### GOAL OF THE EXERCISE:
Looking at the listing below, retype exactly the lines starting at the one containing "[set x | 2 <= (x" and ending at the one containing "Proof. by apply/setP => x; rewrite !inE;", both included, and nothing else.
[Opening SOURCE MATERIAL section]
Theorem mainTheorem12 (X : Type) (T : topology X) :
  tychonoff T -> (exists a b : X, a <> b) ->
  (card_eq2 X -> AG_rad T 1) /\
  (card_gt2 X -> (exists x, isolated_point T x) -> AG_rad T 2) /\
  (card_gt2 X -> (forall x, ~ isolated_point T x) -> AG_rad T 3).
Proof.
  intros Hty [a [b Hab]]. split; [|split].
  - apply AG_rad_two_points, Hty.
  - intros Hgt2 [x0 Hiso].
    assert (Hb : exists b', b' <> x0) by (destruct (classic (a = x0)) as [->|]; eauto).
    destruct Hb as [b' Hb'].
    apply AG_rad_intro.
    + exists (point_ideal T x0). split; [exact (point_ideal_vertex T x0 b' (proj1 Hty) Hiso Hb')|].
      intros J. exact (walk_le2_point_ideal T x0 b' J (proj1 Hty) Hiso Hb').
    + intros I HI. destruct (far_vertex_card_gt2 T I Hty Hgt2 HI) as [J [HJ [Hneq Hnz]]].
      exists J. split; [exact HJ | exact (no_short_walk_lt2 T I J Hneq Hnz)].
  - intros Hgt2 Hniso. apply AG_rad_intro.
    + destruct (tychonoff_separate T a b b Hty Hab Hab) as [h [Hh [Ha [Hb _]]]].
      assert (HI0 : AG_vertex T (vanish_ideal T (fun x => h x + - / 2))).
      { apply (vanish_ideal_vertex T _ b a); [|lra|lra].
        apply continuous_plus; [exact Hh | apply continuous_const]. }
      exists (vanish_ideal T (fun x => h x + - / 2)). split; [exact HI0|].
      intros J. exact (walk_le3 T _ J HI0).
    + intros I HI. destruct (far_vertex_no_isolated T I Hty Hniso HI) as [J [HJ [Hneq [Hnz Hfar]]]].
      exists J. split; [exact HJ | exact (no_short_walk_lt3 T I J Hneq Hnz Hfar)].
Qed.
[Closing SOURCE MATERIAL section]
[Opening SOURCE MATERIAL section]
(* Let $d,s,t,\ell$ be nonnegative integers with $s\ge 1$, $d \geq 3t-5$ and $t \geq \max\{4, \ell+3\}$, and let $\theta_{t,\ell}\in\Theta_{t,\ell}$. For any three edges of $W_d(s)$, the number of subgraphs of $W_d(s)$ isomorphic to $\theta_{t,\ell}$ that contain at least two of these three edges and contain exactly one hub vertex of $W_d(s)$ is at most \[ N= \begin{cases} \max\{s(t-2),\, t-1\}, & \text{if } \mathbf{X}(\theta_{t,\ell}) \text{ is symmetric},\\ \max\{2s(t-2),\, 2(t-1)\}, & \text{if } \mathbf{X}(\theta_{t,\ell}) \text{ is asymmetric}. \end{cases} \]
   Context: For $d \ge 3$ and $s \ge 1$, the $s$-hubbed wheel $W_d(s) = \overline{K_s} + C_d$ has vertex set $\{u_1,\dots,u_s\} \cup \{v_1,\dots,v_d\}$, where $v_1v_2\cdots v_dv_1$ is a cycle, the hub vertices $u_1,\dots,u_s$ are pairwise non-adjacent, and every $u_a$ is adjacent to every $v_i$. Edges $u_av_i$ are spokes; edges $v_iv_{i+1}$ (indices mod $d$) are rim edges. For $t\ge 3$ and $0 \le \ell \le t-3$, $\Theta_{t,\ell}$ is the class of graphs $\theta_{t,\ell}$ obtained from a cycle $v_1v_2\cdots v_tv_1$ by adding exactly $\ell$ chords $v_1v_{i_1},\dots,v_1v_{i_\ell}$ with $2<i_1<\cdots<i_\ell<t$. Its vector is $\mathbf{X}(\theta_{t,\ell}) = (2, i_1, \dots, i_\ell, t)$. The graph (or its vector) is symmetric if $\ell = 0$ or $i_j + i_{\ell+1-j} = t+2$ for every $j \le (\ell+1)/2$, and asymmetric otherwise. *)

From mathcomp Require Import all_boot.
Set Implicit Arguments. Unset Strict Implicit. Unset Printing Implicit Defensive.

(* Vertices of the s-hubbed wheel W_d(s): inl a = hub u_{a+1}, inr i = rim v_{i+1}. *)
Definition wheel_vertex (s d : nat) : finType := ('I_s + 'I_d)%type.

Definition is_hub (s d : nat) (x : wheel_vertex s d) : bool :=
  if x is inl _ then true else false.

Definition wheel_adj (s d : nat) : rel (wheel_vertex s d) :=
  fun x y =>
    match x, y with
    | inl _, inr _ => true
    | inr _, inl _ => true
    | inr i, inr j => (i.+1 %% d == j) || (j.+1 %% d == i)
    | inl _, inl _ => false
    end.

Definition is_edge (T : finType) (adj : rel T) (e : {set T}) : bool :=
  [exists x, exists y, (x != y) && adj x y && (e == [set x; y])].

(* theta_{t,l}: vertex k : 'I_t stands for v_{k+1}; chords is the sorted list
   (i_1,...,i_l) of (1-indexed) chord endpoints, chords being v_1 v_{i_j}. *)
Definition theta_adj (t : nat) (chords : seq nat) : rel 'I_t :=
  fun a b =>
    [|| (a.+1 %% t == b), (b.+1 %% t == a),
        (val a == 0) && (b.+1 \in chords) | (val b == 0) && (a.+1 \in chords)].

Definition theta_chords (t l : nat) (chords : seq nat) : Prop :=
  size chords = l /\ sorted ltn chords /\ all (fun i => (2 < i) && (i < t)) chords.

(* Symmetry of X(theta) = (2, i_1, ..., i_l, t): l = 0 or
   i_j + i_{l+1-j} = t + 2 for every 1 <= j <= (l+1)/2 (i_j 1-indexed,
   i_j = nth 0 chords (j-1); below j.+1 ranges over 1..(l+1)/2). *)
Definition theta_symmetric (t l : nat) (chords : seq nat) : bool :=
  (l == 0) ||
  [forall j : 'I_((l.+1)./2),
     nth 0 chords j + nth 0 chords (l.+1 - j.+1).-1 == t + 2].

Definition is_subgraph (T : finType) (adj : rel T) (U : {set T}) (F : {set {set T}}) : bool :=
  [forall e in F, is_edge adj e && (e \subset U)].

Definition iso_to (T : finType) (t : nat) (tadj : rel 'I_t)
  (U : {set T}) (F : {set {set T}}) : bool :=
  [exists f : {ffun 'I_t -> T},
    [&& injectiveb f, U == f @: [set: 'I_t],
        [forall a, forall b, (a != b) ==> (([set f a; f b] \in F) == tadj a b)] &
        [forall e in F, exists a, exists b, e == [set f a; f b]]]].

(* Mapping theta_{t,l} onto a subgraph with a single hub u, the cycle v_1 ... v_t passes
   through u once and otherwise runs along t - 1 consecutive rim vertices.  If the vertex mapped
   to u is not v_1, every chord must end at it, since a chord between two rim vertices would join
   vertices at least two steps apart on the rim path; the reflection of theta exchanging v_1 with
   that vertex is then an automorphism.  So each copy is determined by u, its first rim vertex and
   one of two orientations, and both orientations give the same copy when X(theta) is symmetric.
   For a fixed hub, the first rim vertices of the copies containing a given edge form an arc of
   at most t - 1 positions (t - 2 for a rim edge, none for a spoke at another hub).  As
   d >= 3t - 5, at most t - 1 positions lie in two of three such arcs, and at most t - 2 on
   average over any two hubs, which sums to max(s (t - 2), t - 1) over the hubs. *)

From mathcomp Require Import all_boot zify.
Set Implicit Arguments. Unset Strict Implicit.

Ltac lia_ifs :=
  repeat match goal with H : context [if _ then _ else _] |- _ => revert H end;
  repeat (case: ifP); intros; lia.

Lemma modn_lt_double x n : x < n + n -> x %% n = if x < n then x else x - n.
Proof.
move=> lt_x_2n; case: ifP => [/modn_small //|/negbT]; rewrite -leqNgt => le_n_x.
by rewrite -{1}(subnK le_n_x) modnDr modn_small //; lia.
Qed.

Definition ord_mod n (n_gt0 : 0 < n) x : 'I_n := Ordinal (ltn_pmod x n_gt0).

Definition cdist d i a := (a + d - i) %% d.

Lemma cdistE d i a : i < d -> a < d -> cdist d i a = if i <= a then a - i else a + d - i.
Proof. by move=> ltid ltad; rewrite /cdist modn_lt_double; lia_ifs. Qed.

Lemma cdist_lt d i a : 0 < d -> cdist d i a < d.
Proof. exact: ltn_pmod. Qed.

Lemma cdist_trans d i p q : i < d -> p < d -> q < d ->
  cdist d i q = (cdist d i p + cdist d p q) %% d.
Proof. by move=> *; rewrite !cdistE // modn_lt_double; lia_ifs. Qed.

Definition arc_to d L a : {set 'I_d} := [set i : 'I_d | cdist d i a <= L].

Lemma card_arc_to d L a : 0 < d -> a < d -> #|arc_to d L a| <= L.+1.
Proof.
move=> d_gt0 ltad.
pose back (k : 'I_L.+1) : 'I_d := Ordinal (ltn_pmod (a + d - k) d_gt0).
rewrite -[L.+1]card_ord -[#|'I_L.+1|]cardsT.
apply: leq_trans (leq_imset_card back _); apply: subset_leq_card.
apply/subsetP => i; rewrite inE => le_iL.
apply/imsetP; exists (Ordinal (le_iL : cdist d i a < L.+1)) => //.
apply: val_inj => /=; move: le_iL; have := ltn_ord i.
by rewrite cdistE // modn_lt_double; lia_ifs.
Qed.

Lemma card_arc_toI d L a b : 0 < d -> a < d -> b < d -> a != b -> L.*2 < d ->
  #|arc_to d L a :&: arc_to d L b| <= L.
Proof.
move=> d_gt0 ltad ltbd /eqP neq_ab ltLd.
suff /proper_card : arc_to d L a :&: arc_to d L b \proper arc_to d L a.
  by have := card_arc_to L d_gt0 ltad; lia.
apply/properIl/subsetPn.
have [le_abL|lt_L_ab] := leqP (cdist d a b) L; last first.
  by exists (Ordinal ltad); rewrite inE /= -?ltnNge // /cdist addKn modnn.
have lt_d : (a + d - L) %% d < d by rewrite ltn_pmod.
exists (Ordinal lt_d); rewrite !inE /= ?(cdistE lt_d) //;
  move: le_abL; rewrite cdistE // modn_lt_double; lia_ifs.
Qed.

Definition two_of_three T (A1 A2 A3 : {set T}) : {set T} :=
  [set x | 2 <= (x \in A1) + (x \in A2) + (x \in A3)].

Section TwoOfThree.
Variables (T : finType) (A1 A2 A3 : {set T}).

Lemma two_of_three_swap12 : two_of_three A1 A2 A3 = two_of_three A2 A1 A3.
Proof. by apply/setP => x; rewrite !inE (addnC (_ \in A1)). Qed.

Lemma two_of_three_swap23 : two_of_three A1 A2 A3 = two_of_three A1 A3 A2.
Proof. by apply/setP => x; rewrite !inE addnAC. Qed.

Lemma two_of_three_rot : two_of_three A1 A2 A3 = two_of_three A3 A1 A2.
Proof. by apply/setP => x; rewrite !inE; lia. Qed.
[Closing SOURCE MATERIAL section]
### ANSWER TO THE EXERCISE:
  [set x | 2 <= (x \in A1) + (x \in A2) + (x \in A3)].

Section TwoOfThree.
Variables (T : finType) (A1 A2 A3 : {set T}).

Lemma two_of_three_swap12 : two_of_three A1 A2 A3 = two_of_three A2 A1 A3.
Proof. by apply/setP => x; rewrite !inE (addnC (_ \in A1)). Qed.

Lemma two_of_three_swap23 : two_of_three A1 A2 A3 = two_of_three A1 A3 A2.
Proof. by apply/setP => x; rewrite !inE addnAC. Qed.

Lemma two_of_three_rot : two_of_three A1 A2 A3 = two_of_three A3 A1 A2.
Proof. by apply/setP => x; rewrite !inE; lia. Qed.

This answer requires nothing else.